Disclaimer on Forward-Looking Statements
This current report on Form 8-K contains forward-looking statements within the meaning of the U.S. Private Securities Litigation Reform Act of 1995. Statements regarding the Company’s business that are not historical facts may be “forward-looking statements” that involve risks and uncertainties. Forward-looking statements are based on management’s current, preliminary expectations and are subject to risks and uncertainties that could cause actual results to differ from the results predicted. These risks and uncertainties include risks and uncertainties included under the heading “Risk Factors” in the Company’s most recent Annual Report on Form 10-K, as updated by its subsequent filings with the SEC, all of which are available on the Company’s investor relations website at http://www.lemaitre.com and on the SEC’s website at http://www.sec.gov. Undue reliance should not be placed on forward-looking statements, which speak only as of the date they are made. The Company undertakes no obligation to update publicly any forward-looking statements to reflect new information, events, or circumstances after the date they were made, or to reflect the occurrence of unanticipated events.

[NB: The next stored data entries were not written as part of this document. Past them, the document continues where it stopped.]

(* Fix $n\ge 1$ and a formula $\varphi$ in the variables $x_1,\dots,x_n$. Let $O(\varphi,n)$ be the set of Boolean assignments $\mu$ of $x_1,\dots,x_n$ to values in $\{0,1\}$ (extended to formulas by evaluation in the two-element NM chain) such that $\mu(\varphi)=1$. Then there is a bijection between $O(\varphi,n)$ and the set of minimal idempotent join-irreducible elements $g\in\mathcal{NM}^-_n$ such that $g\le[\varphi]_\equiv$.
   Context: An NM algebra is an algebra $\langle A,\wedge,\vee,\odot,\to,\bot,\top\rangle$ such that $(A,\wedge,\vee,\bot,\top)$ is a bounded lattice, $\langle A,\odot,\top\rangle$ is a commutative monoid, and for all $x,y,z$: $x\odot y\le z$ iff $x\le y\to z$; $(x\to y)\vee(y\to x)=\top$; $\neg(x\odot y)\vee((x\wedge y)\to(x\odot y))=\top$ where $\neg x:=x\to\bot$; and $\neg\neg x=x$. An NM$^-$ algebra is an NM algebra additionally satisfying $\neg(\neg x^2)^2\leftrightarrow(\neg(\neg x)^2)^2=\top$, where $y^2:=y\odot y$ and $u\leftrightarrow v:=(u\to v)\odot(v\to u)$. The two-element chain $\{0,1\}$ with Boolean operations ($\odot=\wedge$) is an NM$^-$ algebra. $\mathcal{NM}^-_n$ is the free NM$^-$ algebra on $n$ generators, i.e. the Lindenbaum algebra of formulas in $x_1,\dots,x_n$ modulo equivalence in the logic NM$^-$ (validity of $\varphi\leftrightarrow\psi$ in all NM$^-$ algebras); $[\varphi]_\equiv$ is the class of $\varphi$. It is a finite distributive lattice. An element is join-irreducible if it is not $\bot$ and $x=y\vee z$ implies $x=y$ or $x=z$; idempotent if $g\odot g=g$; a minimal idempotent join-irreducible element is one minimal among idempotent join-irreducible elements. *)

From mathcomp Require Import all_boot.
Set Implicit Arguments. Unset Strict Implicit. Unset Printing Implicit Defensive.

Record nmAlgebra := NMAlgebra {
  car :> Type;
  nm_meet : car -> car -> car;
  nm_join : car -> car -> car;
  nm_mul  : car -> car -> car;
  nm_imp  : car -> car -> car;
  nm_bot  : car;
  nm_top  : car;
  meetC : forall x y, nm_meet x y = nm_meet y x;
  joinC : forall x y, nm_join x y = nm_join y x;
  meetA : forall x y z, nm_meet x (nm_meet y z) = nm_meet (nm_meet x y) z;
  joinA : forall x y z, nm_join x (nm_join y z) = nm_join (nm_join x y) z;
  meet_absorb : forall x y, nm_meet x (nm_join x y) = x;
  join_absorb : forall x y, nm_join x (nm_meet x y) = x;
  join_bot : forall x, nm_join x nm_bot = x;
  meet_top : forall x, nm_meet x nm_top = x;
  mulC : forall x y, nm_mul x y = nm_mul y x;
  mulA : forall x y z, nm_mul x (nm_mul y z) = nm_mul (nm_mul x y) z;
  mul_top : forall x, nm_mul x nm_top = x;
  (* residuation, w.r.t. the lattice order x <= y :<-> x /\ y = x *)
  residuation : forall x y z,
    nm_meet (nm_mul x y) z = nm_mul x y <-> nm_meet x (nm_imp y z) = x;
  prelinearity : forall x y, nm_join (nm_imp x y) (nm_imp y x) = nm_top;
  nm_axiom : forall x y,
    nm_join (nm_imp (nm_mul x y) nm_bot) (nm_imp (nm_meet x y) (nm_mul x y)) = nm_top;
  involution : forall x, nm_imp (nm_imp x nm_bot) nm_bot = x
}.

Definition nm_neg (A : nmAlgebra) (x : A) : A := nm_imp x (nm_bot A).
Definition nm_sq (A : nmAlgebra) (x : A) : A := nm_mul x x.
Definition nm_biimp (A : nmAlgebra) (u v : A) : A := nm_mul (nm_imp u v) (nm_imp v u).

Definition is_NMminus (A : nmAlgebra) : Prop :=
  forall x : A,
    nm_biimp (nm_neg (nm_sq (nm_neg (nm_sq x))))
             (nm_sq (nm_neg (nm_sq (nm_neg x)))) = nm_top A.

Inductive formula (n : nat) : Type :=
| Var  : 'I_n -> formula n
| Bot  : formula n
| Top  : formula n
| Meet : formula n -> formula n -> formula n
| Join : formula n -> formula n -> formula n
| Mul  : formula n -> formula n -> formula n
| Imp  : formula n -> formula n -> formula n.

Arguments Bot {n}.
Arguments Top {n}.

Fixpoint eval (n : nat) (A : nmAlgebra) (v : 'I_n -> A) (f : formula n) : A :=
  match f with
  | Var i => v i
  | Bot => nm_bot A
  | Top => nm_top A
  | Meet f g => nm_meet (eval v f) (eval v g)
  | Join f g => nm_join (eval v f) (eval v g)
  | Mul f g => nm_mul (eval v f) (eval v g)
  | Imp f g => nm_imp (eval v f) (eval v g)
  end.

Definition Biimp (n : nat) (f g : formula n) : formula n := Mul (Imp f g) (Imp g f).

(* Evaluation in the two-element NM chain {0,1} with Boolean operations (⊙ = ∧) *)
Fixpoint bool_eval (n : nat) (mu : 'I_n -> bool) (f : formula n) : bool :=
  match f with
  | Var i => mu i
  | Bot => false
  | Top => true
  | Meet f g => bool_eval mu f && bool_eval mu g
  | Join f g => bool_eval mu f || bool_eval mu g
  | Mul f g => bool_eval mu f && bool_eval mu g
  | Imp f g => bool_eval mu f ==> bool_eval mu g
  end.

(* ---------- the Lindenbaum algebra NM^-_n, via representatives ---------- *)
Definition nmeq (n : nat) (f g : formula n) : Prop :=
  forall (A : nmAlgebra), is_NMminus A ->
    forall v : 'I_n -> A, eval v (Biimp f g) = nm_top A.

Definition nmle (n : nat) (f g : formula n) : Prop := nmeq (Meet f g) f.

Definition join_irreducible (n : nat) (g : formula n) : Prop :=
  ~ nmeq g Bot /\
  forall y z : formula n, nmeq g (Join y z) -> nmeq g y \/ nmeq g z.

Definition idempotent (n : nat) (g : formula n) : Prop := nmeq (Mul g g) g.

Definition idem_ji (n : nat) (g : formula n) : Prop :=
  idempotent g /\ join_irreducible g.

Definition min_idem_ji (n : nat) (g : formula n) : Prop :=
  idem_ji g /\ forall h : formula n, idem_ji h -> nmle h g -> nmeq h g.

From mathcomp Require Import all_boot.
Set Implicit Arguments. Unset Strict Implicit. Unset Printing Implicit Defensive.
Lemma wequiv_Fword u v : wequiv u v -> gequiv0 (Fword u) (Fword v).
Proof.
elim=> [x y | x | x y _ | x y z _ IHxy _]; first exact: wstep_Fword.
- exact: gequiv_refl (Fword_path x).
- exact: gequiv_sym.
- exact: gequiv_trans IHxy.
Qed.

End Functor.

Theorem theorem3p5 (D : diagram) (HD : tangle_diagram D) :
  exists F : seq (wletter D) -> seq (gletter D),
    [/\ (* F takes values in Aut(0) *)
        (forall u, is_gpath (dtop D) (F u) (dtop D)),
        (* well defined on pi(D) *)
        (forall u v, wequiv u v -> gequiv (dtop D) (dtop D) (F u) (F v)),
        (* homomorphism (composition left to right) *)
        (forall u v, gequiv (dtop D) (dtop D) (F (u ++ v)) (F u ++ F v)) &
        (* value on the Wirtinger generator w_i *)
        (forall (i : dseg D) (s : seq (gletter D)),
            over_walk (dup i) s ->
            gequiv (dtop D) (dtop D) (F [:: (i, false)])
              (s ++ [:: (i, true, false); (i, false, true)] ++ ginvword s))].
Proof.
case: HD => incidence reach over_walk_unique.
have [over_path over_pathP] := functional_choice _ reach.
exists (Fword over_path); split.
- exact: Fword_path.
- exact: wequiv_Fword.
- by move=> u v; rewrite Fword_cat; apply/gequiv_refl/is_gpath_cat; exact: Fword_path.
- move=> i s walk_s; rewrite /Fword /Fletter /= cats0 -meridianE.
  exact: Fgen_over_walk.
Qed.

About LeMaitre Vascular, Inc. (NASDAQ:LMAT)
LeMaitre Vascular, Inc. is a provider of medical devices for the treatment of peripheral vascular disease. The Company and its subsidiaries develop, manufacture and market medical devices and implants used primarily in the field of vascular surgery. It operates in the design, marketing, sales and technical support of medical devices and implants for the treatment of peripheral vascular disease industry segment. The Company’s product lines include valvulotomes, balloon catheters, carotid shunts, biologic vascular patches, radiopaque marking tape, anastomotic clips, remote endarterectomy devices, laparoscopic cholecystectomy devices, prosthetic vascular grafts, biologic vascular grafts and powered phlebectomy devices. Its portfolio of peripheral vascular devices consists of brand name products that are used in arteries and veins outside of the heart, including the Expandable LeMaitre Valvulotome, the Pruitt F3 Carotid Shunt, VascuTape Radiopaque Tape and the XenoSure biologic patch.